Question - That the words proposed to be left out be left out (Senator Payne’s amendment) - put. The committee divided. (Chairman - Senator W. Plain.)
AYES: 6
NOES: 15
Majority . . 9
AYES
NOES
Question so resolved in the negative.
Amendment negatived.
Senator Sir GEORGE PEARCE (West ern Australia) [2.51]. - I move -
That sub-clauses 7 and 8 be left out.
Honorable senators will recollect that earlier I asked leave to withdraw this amendment to enable other amendments to be moved. Since doing so I have received the following letter: - 20th June, 1930.
Dear Sir,
Now that the Cotton Industries Bounty Bill has passed the second-reading stage in the Senate, I am taking the liberty of writing to you in connexion with clause 13 of this measure, which briefly stated, amongst other things, gives the Commonwealth the power to appoint a tribunal to fix the rates of cottonpicking in the industry. In principle, no doubt, a number of senators will take exception to this clause. It is understood, however, that the Government regards the clause as a vital part of the bill on the following grounds : - (2.) That all bounty bills for the past twenty years have contained provisions not necessarily identical, but similar to clause 13 of this measure (see clause 10 of Cotton Bounty Bill placed on statute-books by Bruee-Page Government.)
Yours sincerely,
R. J. Webster,
General Manager,
Queensland Cotton Board.
The statement contained in that letter is entirely inaccurate. Sub-clauses 7 and8 of clause 13 are not even similar to section 10 of the Cotton Bounty Act 1920. Furthermore, it is rather peculiar that the general manager of the Queensland Cotton Board should inform me that the Government regards clause 13 as a vital part of the bill. I should imagine that it is for the Government to make that declaration. There is, however, a little history attached to this particular clause. I have with me a letter written to the Premier of Queensland by Mr. Walker, Minister for Agriculture and Stock. It is dated Brisbane, 11th June, 1930, and reads as follows: -
Dear Mr. Moore,
Relative to the Cotton Industries Bounty Bill recently introduced into the House of Representatives by Mr. Forde, Acting Minister for Trade and Customs.
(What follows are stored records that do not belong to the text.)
(* Let $\vdash$ be a protoalgebraic logic with the inconsistency lemma and let $n\ge1$. Then $\vdash$ has the bounded top width $n$ law if and only if for every algebra $\boldsymbol{A}$ and every $F\in\mathsf{Spec}_\vdash(\boldsymbol{A})$ there are a positive integer $m\le n$ and maximal elements $G_1,\dots,G_m$ of $\mathsf{Spec}_\vdash(\boldsymbol{A})$ such that every $H\in\mathsf{Spec}_\vdash(\boldsymbol{A})$ with $F\subseteq H$ is contained in some $G_i$.
   Context: A logic $\vdash$ is a finitary, substitution-invariant consequence relation on the formulas $Fm(\vdash)$ of an algebraic language. It is protoalgebraic if there is a nonempty finite $\Delta(x,y)$ with $\emptyset\vdash\Delta(x,x)$ and $x,\Delta(x,y)\vdash y$. A finite set is inconsistent if it derives every formula. $\vdash$ has the inconsistency lemma (IL) if for each $n\ge1$ there is a finite set $\sim_n(x_1,\dots,x_n)$ of formulas such that for all finite $\Gamma\cup\{\varphi_1..\varphi_n\}$: $\Gamma\cup\{\varphi_1..\varphi_n\}$ is inconsistent iff $\Gamma\vdash\sim_n(\varphi_1..\varphi_n)$. Fixing such a family, for a finite set $\Gamma=\{\gamma_1..\gamma_n\}$ write $\sim\Gamma$ for $\sim_n(\gamma_1..\gamma_n)$, and $\sim(\gamma_1..\gamma_n)$ for $\sim\{\gamma_1..\gamma_n\}$. $\vdash$ has the bounded top width $n$ law if it validates the metarule: from $\Gamma,\sim(\sim(\gamma_i^1,\dots,\gamma_i^k)\cup\{\gamma_j^t: j<i,\,t\le k\})\vdash\psi$ for every $i\le n+1$, infer $\Gamma\vdash\psi$, for every $k\ge1$ and every finite $\Gamma\cup\{\gamma_1^1..\gamma_{n+1}^k,\psi\}\subseteq Fm(\vdash)$. A deductive filter of $\vdash$ on an algebra $\boldsymbol{A}$ is $F\subseteq A$ such that whenever $\Gamma\vdash\varphi$ and $h\colon\boldsymbol{Fm}(\vdash)\to\boldsymbol{A}$ is a homomorphism with $h[\Gamma]\subseteq F$, then $h(\varphi)\in F$. $\mathsf{Spec}_\vdash(\boldsymbol{A})$ is the poset (under inclusion) of meet irreducible deductive filters, i.e. $F\neq A$ that are not the intersection of two deductive filters both different from $F$. *)

From mathcomp Require Import all_boot.
From Stdlib Require List.
Set Implicit Arguments.
Unset Strict Implicit.
Unset Printing Implicit Defensive.

Record signature := Signature { sop : Type ; sarity : sop -> nat }.

Inductive term (S : signature) : Type :=
| Var : nat -> term S
| App : forall o : sop S, ('I_(sarity o) -> term S) -> term S.

Arguments Var {S} _.
Arguments App {S} _ _.

Record algebra (S : signature) := Algebra {
  carrier :> Type ;
  interp : forall o : sop S, ('I_(sarity o) -> carrier) -> carrier }.

Definition Fm (S : signature) : algebra S := @Algebra S (term S) (@App S).

Definition is_hom (S : signature) (A B : algebra S) (h : A -> B) : Prop :=
  forall (o : sop S) (a : 'I_(sarity o) -> A),
    h (interp a) = interp (fun j => h (a j)).

Fixpoint subst (S : signature) (f : nat -> term S) (t : term S) : term S :=
  match t with
  | Var i => f i
  | App o a => App o (fun j => subst f (a j))
  end.

Fixpoint vars_in (S : signature) (P : nat -> Prop) (t : term S) : Prop :=
  match t with
  | Var i => P i
  | App o a => forall j, vars_in P (a j)
  end.

Definition fset (S : signature) := term S -> Prop.
Definition set_of (S : signature) (l : seq (term S)) : fset S :=
  fun x => List.In x l.
Definition img (S : signature) (s : term S -> term S) (G : fset S) : fset S :=
  fun y => exists x, G x /\ y = s x.

Definition is_logic (S : signature) (D : fset S -> term S -> Prop) : Prop :=
  [/\ (forall (G : fset S) phi, G phi -> D G phi),
      (forall (G H : fset S) phi, (forall x, G x -> H x) -> D G phi -> D H phi),
      (forall (G H : fset S) phi,
          (forall x, H x -> D G x) -> D H phi -> D G phi),
      (forall (G : fset S) phi, D G phi ->
          exists l : seq (term S), (forall x, List.In x l -> G x) /\ D (set_of l) phi)
    & (forall (s : Fm S -> Fm S) (G : fset S) phi, is_hom s ->
          D G phi -> D (img s G) (s phi))].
I have followed closely the debate on the bill in the House of Representatives and find that the reference made by the Minister in charge of the measure gives cause for strong resentment by me.In the Federal Hansard, dated the 23rd May, 1930, page 2120, Mr. Forde is reported to have stated as follows: - “When Mr. Walker, the Queensland Minister for Agriculture, was in Canberra this week in connexion with the wheat pool, he informed me that the Premier (Mr. Moore) was of opinion that the best tribunal would be one composed of a judge of the Federal Arbitration Court, a judge of the State Arbitration Court, and a member of the Cotton Board. I discussed the matter frankly with Mr. Walker, and told him that such a tribunal would be too expensive and cumbersome, would result in serious delay, and that^ the workers would object if they were given no representation. Moreover, even if all interests were represented, it would be unnecessary to requisition the services of two arbitration judges, a representative of the Cotton Board, and a representative of the union, to decide a comparatively small matter that might be expeditiously and inexpensively settled by a simple local tribunal, which could visit the cotton areas and inquire into the conditions of the industry in a way that would not be possible for a more influential and unwieldy tribunal.”
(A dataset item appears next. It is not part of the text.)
(* Let $X=\{a,b,c\}$ and consider the 25 commutative Frobenius objects in $\mathbf{Rel}$ on $X$ listed below (in all, $\tilde\mu$ is symmetric). Cases 1–20 have $\eta=\{a\}$, $\tilde\mu(a,x)=\tilde\mu(x,a)=\{x\}$, and $(\tilde\mu(b,b),\tilde\mu(b,c),\tilde\mu(c,c))$ and $\varepsilon$ given by: 1: $\varepsilon=\{a\}$, $(\{a\},\{c\},\{a,b\})$; 2: $\varepsilon=\{a\}$, $(\{a\},\{c\},\{a,b,c\})$; 3: $\varepsilon=\{a\}$, $(\{a,b\},\{c\},\{a,b\})$; 4: $\varepsilon=\{a\}$, $(\{a,b\},\{c\},\{a,b,c\})$; 5: $\varepsilon=\{a\}$, $(\{a,c\},\{b,c\},\{a,b\})$; 6: $\varepsilon=\{a\}$, $(\{a,c\},\{b,c\},\{a,b,c\})$; 7: $\varepsilon=\{a\}$, $(\{a,b,c\},\{b,c\},\{a,b,c\})$; 8: $\varepsilon=\{a\}$, $(\{b\},\{a,b,c\},\{b,c\})$; 9: $\varepsilon=\{a\}$, $(\{b\},\{a,b,c\},\{c\})$; 10: $\varepsilon=\{a\}$, $(\{c\},\{a\},\{b\})$; 11: $\varepsilon=\{a\}$, $(\{c\},\{a,b\},\{b,c\})$; 12: $\varepsilon=\{a\}$, $(\{b,c\},\{a,b,c\},\{b,c\})$; 13: $\varepsilon=\{b\}$, $(\emptyset,\emptyset,\{b\})$; 14: $\varepsilon=\{b\}$, $(\emptyset,\emptyset,\{b,c\})$; 15: $\varepsilon=\{b\}$, $(\{a\},\{c\},\{a,b\})$; 16: $\varepsilon=\{b\}$, $(\{a\},\{c\},\{a,b,c\})$; 17: $\varepsilon=\{b\}$, $(\{c\},\{a\},\{b\})$; 18: $\varepsilon=\{b\}$, $(\{c\},\{a,c\},\{a,b,c\})$; 19: $\varepsilon=\{b\}$, $(\{a,c\},\{a,c\},\{a,b\})$; 20: $\varepsilon=\{b\}$, $(\{a,c\},\{a,c\},\{a,b,c\})$. Cases 21–24 have $\eta=\{a,b\}$, $\tilde\mu(a,a)=\{a\}$, $\tilde\mu(a,b)=\tilde\mu(a,c)=\emptyset$, $\tilde\mu(b,b)=\{b\}$, $\tilde\mu(b,c)=\{c\}$, and: 21: $\varepsilon=\{a,b\}$, $\tilde\mu(c,c)=\{b\}$; 22: $\varepsilon=\{a,b\}$, $\tilde\mu(c,c)=\{b,c\}$; 23: $\varepsilon=\{a,c\}$, $\tilde\mu(c,c)=\{b\}$; 24: $\varepsilon=\{a,c\}$, $\tilde\mu(c,c)=\emptyset$. Case 25: $\eta=\varepsilon=\{a,b,c\}$, $\tilde\mu(x,x)=\{x\}$, $\tilde\mu(x,y)=\emptyset$ for $x\neq y$. Then, for integers $g\ge0$, the partition functions are: for cases 1–12 and 21–25, $Z(\Sigma_g)=T$ for all $g$; for case 13, $Z(\Sigma_g)=T$ iff $g=1$; for cases 14, 15, 16, 18, 19, 20, $Z(\Sigma_g)=T$ iff $g\ge1$; for case 17, $Z(\Sigma_g)=T$ iff $g\equiv 1 \pmod 3$.
   Context: $\mathbf{Rel}$ is the symmetric monoidal category of sets and relations ($S\circ R=\{(x,z):\exists y,(x,y)\in R,(y,z)\in S\}$, identities are diagonals, product is Cartesian product, unit $\{\bullet\}$). A relation $R\subseteq X\times Y$ is identified with $\tilde R:X\to\mathcal{P}(Y)$. A Frobenius object in $\mathbf{Rel}$ is a set $X$ with unit $\eta\subseteq X$ (relation $\{\bullet\}\to X$), counit $\varepsilon\subseteq X$ (relation $X\to\{\bullet\}$) and multiplication $\mu$ (relation $X\times X\to X$, with map $\tilde\mu$) satisfying unitality, associativity, and nondegeneracy: there is a (unique) relation $\beta:\{\bullet\}\to X\times X$ with $(\varepsilon\times\mathbf{1})\circ(\mu\times\mathbf{1})\circ(\mathbf{1}\times\beta)=(\mathbf{1}\times\varepsilon)\circ(\mathbf{1}\times\mu)\circ(\beta\times\mathbf{1})=\mathbf{1}$. The comultiplication is $\delta=(\mathbf{1}\times\mu)\circ(\beta\times\mathbf{1})$. Commutative means $\tilde\mu(x,y)=\tilde\mu(y,x)$. The partition function on the closed orientable surface of genus $g$ is $Z(\Sigma_g)=\varepsilon\circ(\mu\circ\delta)^g\circ\eta\in\{\emptyset,\{\bullet\}\}$, with $\emptyset$ read as $F$ and $\{\bullet\}$ as $T$. *)

From HB Require Import structures.
From mathcomp Require Import all_boot.
Set Implicit Arguments. Unset Strict Implicit. Unset Printing Implicit Defensive.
I wish to give an emphatic denial of the above statement. When at Canberra I distinctly told Mr. Theodore and Mr. Forde (in the case of Mr. Forde in the presence of Mr. Townsend and Mr. Macgregor, when we were all at lunch) that the Queensland Government wanted no tribunal to fix conditions for the cotton-growing industry;
Yours faithfully.
Secretary for Agriculture and Stock.
I’ have also a copy of the letter sent to the Acting Minister for Trade and Customs (Mr. Forde) by the Premier of Queensland. It is as follows : - 16th June, 1930.
Dear Sir,
I enclose for your information a letter I have received from Mr. Walker (Minister for Agriculture and Stock of this State) and copies of certain relevant telegrams dealing with the Cotton Industries Bounty Bill.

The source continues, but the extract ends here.